• TO DO
Please state how many lines of the listing contain the word "split", giving the number by itself.

_ _ _

Lemma sum1_ord_gt n (a : 'I_n) : \sum_(b < n | a < b) 1 = n - a.+1.
Proof.
rewrite big_mkcond /= -(big_mkord xpredT (fun b => nat_of_bool (a < b))).
rewrite (@big_cat_nat _ _ _ a.+1) //= big_nat_cond big1 ?add0n => [|b]; last by lia.
by rewrite (eq_big_nat _ _ (F2 := fun _ => 1)) ?sum_nat_const_nat ?muln1 // => b; lia.
Qed.

(** * Permutations of 'I_n as functions on nat *)

Section PermutationsAsFunctions.
Variable n' : nat.
Local Notation n := n'.+1.
Implicit Types (u : {perm 'I_n}) (x y : nat).

(* Only meaningful for x < n: [inord] sends larger x to 0. *)
Definition nat_perm u x : nat := u (inord x).

Definition adj_tr x : {perm 'I_n} := tperm (inord x) (inord x.+1).

Lemma inord_eq x y : x < n -> y < n -> ((inord x : 'I_n) == inord y) = (x == y).
Proof. by move=> lt_x lt_y; rewrite -val_eqE /= !inordK. Qed.

Lemma inord_succ x : x.+1 < n -> (inord x : 'I_n).+1 = (inord x.+1 : 'I_n) :> nat.
Proof. by move=> lt_x; rewrite !inordK //; lia. Qed.

Lemma inord_neq_succ x : x.+1 < n -> (inord x : 'I_n) != inord x.+1.
Proof. by move=> lt_x; rewrite inord_eq //; lia. Qed.

Lemma nat_perm_inj u : {in [pred x | x < n] &, injective (nat_perm u)}.
Proof.
move=> x y lt_x lt_y /val_inj /perm_inj /(congr1 val).
by rewrite /= !inordK.
Qed.

Lemma adj_tr_inord x y : x.+1 < n -> y < n ->
  adj_tr x (inord y) = inord (swap_adj x y).
Proof.
move=> lt_x lt_y; rewrite /adj_tr /swap_adj.
case: (eqVneq y x) => [->|ne_x]; first by rewrite tpermL.
case: (eqVneq y x.+1) => [->|ne_x1]; first by rewrite tpermR.
by rewrite tpermD // inord_eq //; lia.
Qed.

Lemma nat_perm_adj_tr u x y : x.+1 < n -> y < n ->
  nat_perm (adj_tr x * u) y = nat_perm u (swap_adj x y).
Proof. by move=> lt_x lt_y; rewrite /nat_perm permM adj_tr_inord. Qed.

Lemma contains231E u : contains231 u <-> has231 n (nat_perm u).
Proof.
split=> [[i [j [k [lt_ij lt_jk lt_ki lt_ij']]]] | [p [q [r [? ? ? lt_rp lt_pq]]]]].
  by exists i, j, k; split; rewrite /nat_perm ?inord_val.
have [lt_p lt_q] : p < n /\ q < n by lia.
by exists (inord p), (inord q), (inord r); rewrite !inordK.
Qed.

Lemma ascent_of_not_descent u x : x.+1 < n -> ~~ descent n (nat_perm u) x ->
  nat_perm u x < nat_perm u x.+1.
Proof.
rewrite /descent => lt_x /nandP[|]; rewrite ?lt_x // -leqNgt leq_eqVlt.
by case/orP=> [/eqP/esym/nat_perm_inj|//]; rewrite !inE; lia.
Qed.

Lemma tperm_adj_val (i j a : 'I_n) : i.+1 = j :> nat -> tperm i j a = swap_adj i a :> nat.
Proof.
move=> ij; have lt_i : i.+1 < n by rewrite ij.
have := adj_tr_inord lt_i (ltn_ord a); rewrite /adj_tr ij !inord_val => ->.
by rewrite inordK //; exact: swap_adj_ltn.
Qed.

Lemma tperm_adj_ltn (i j a b : 'I_n) : i.+1 = j :> nat -> a < b -> (a, b) != (i, j) ->
  tperm i j a < tperm i j b.
Proof.
move=> ij lt_ab ne; rewrite !tperm_adj_val //; apply: swap_adj_lt => //.
by move: ne; rewrite !xpair_eqE -!val_eqE /= -ij.
Qed.

Lemma ell_tperm_adj (i j : 'I_n) u : i.+1 = j :> nat ->
  ell (tperm i j * u) + (u j < u i) = ell u + (u i < u j).
Proof.
move=> ij; have lt_ij : i < j by rewrite -ij.
have tperm_pairs a b : ((a, b) != (i, j)) && (a < b) ->
    ((tperm i j a, tperm i j b) != (i, j)) && (tperm i j a < tperm i j b).
  case/andP=> ne lt_ab; rewrite tperm_adj_ltn // andbT xpair_eqE.
  apply/andP => -[/eqP ta /eqP tb]; move: lt_ab.
  by rewrite -(tpermK i j a) -(tpermK i j b) ta tb tpermL tpermR ltnNge (ltnW lt_ij).
pose tt (p : 'I_n * 'I_n) := (tperm i j p.1, tperm i j p.2).
have ttK : involutive tt by move=> [a b]; rewrite /tt /= !tpermK.
rewrite /ell (cardsD1 (i, j)) [in RHS](cardsD1 (i, j)) !inE /= !permM tpermL tpermR lt_ij.
have -> : [set p : 'I_n * 'I_n | p.1 < p.2 & (tperm i j * u)%g p.2 < (tperm i j * u)%g p.1]
            :\ (i, j) =
          tt @^-1: ([set p : 'I_n * 'I_n | p.1 < p.2 & u p.2 < u p.1] :\ (i, j)).
  apply/setP => -[a b]; rewrite !inE /tt /= !permM.
  case: (u (tperm i j b) < u (tperm i j a)); rewrite ?andbF // !andbT.
  by apply/idP/idP => [/tperm_pairs // | /tperm_pairs]; rewrite !tpermK.
by rewrite card_preimset /=; [lia | exact: can_inj ttK].
Qed.

Lemma ell_adj_tr_descent u x : descent n (nat_perm u) x -> ell (adj_tr x * u) + 1 = ell u.
Proof.
case/andP=> lt_x desc; have := ell_tperm_adj u (inord_succ lt_x).
by rewrite -/(adj_tr x) desc ltnNge (ltnW desc) addn0.
Qed.

Lemma perm1_or_descent u : u = 1%g \/ exists x, descent n (nat_perm u) x.
Proof.
have [/hasP[x _ desc]|/hasPn no_desc] := boolP (has (descent n (nat_perm u)) (iota 0 n)).
  by right; exists x.
left; apply/permP => a; apply: val_inj; rewrite perm1 /=.
have := @increasing_id n (nat_perm u) (fun x _ => ltn_ord _) _ a (ltn_ord a).
rewrite /nat_perm inord_val => -> // x lt_x.
by apply: ascent_of_not_descent => //; apply: no_desc; rewrite mem_iota; lia.
Qed.

Lemma ell_eq0 u : ell u = 0 -> u = 1%g.
Proof.
case: (perm1_or_descent u) => [//|[x /ell_adj_tr_descent]]; lia.
Qed.

Lemma ell_w0 : ell (w0 n) = \sum_(k < n) (n - k.+1).
Proof.
have -> : ell (w0 n) = #|[set p : 'I_n * 'I_n | p.1 < p.2]|.
  apply: eq_card => -[a b]; rewrite !inE /w0 !permE /=.
  by case: (ltnP a b) => le_ab //=; have := ltn_ord a; have := ltn_ord b; lia.
rewrite -sum1dep_card -(pair_big_dep xpredT (fun a b : 'I_n => a < b) (fun _ _ => 1)) /=.
by apply: eq_bigr => a _; rewrite sum1_ord_gt.
Qed.

End PermutationsAsFunctions.

Arguments adj_tr {n'} x.

(** * Complete homogeneous polynomials *)

Import GRing.Theory.
Local Open Scope ring_scope.

Section CompleteHomogeneous.
Variable n : nat.
Local Notation P := {mpoly int[n]}.
Implicit Types (i j : 'I_n) (m e : 'X_{1..n}) (p : P).

Definition supp_below k m := [forall l : 'I_n, (k <= l)%N ==> (m l == 0%N)].

Lemma mcoeff_hcomp k d m : (hcomp n k d)@_m = ((mdeg m == d) && supp_below k m)%:R.
Proof.
rewrite /hcomp raddf_sum /=; under eq_bigr => m' _ do rewrite mcoeffX.
have [hm|hm] := boolP ((mdeg m == d) && supp_below k m); last first.
  by rewrite big1 // => m' hm'; case: eqP => // eq_m; move: hm; rewrite -eq_m hm'.
have lt_m : (mdeg m < d.+1)%N by case/andP: hm => /eqP ->.
rewrite (bigD1 (BMultinom lt_m)) //= eqxx big1 ?addr0 // => m' /andP[_ ne_m].
by case: eqP => // eq_m; case/eqP: ne_m; apply: val_inj.
Qed.

Lemma supp_below_succ k j m : j = k :> nat ->
  supp_below k m = (m j == 0%N) && supp_below k.+1 m.
Proof.
move=> eq_j; apply/forallP/andP => [supp|[/eqP m_j /forallP supp] l].
  split; first by have := supp j; rewrite eq_j leqnn.
  by apply/forallP => l; apply/implyP => lt_l; apply: (implyP (supp l)); exact: ltnW.
apply/implyP; rewrite leq_eqVlt => /orP[/eqP eq_l|lt_l]; last exact: (implyP (supp l)).
by rewrite (_ : l = j) ?m_j //; apply: val_inj; rewrite /= eq_j.
Qed.

Lemma supp_below_perm (s : {perm 'I_n}) k m : (forall l, (k <= s l) = (k <= l))%N ->
  supp_below k [multinom m (s l) | l < n] = supp_below k m.
Proof.
move=> s_k; apply/forallP/forallP => supp l; apply/implyP => le_kl.
  by have := supp (s^-1 l)%g; rewrite mnmE permKV -s_k permKV le_kl.
by have := supp (s l); rewrite mnmE s_k le_kl.
Qed.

_ _ _

• PROBLEM SOLUTION
3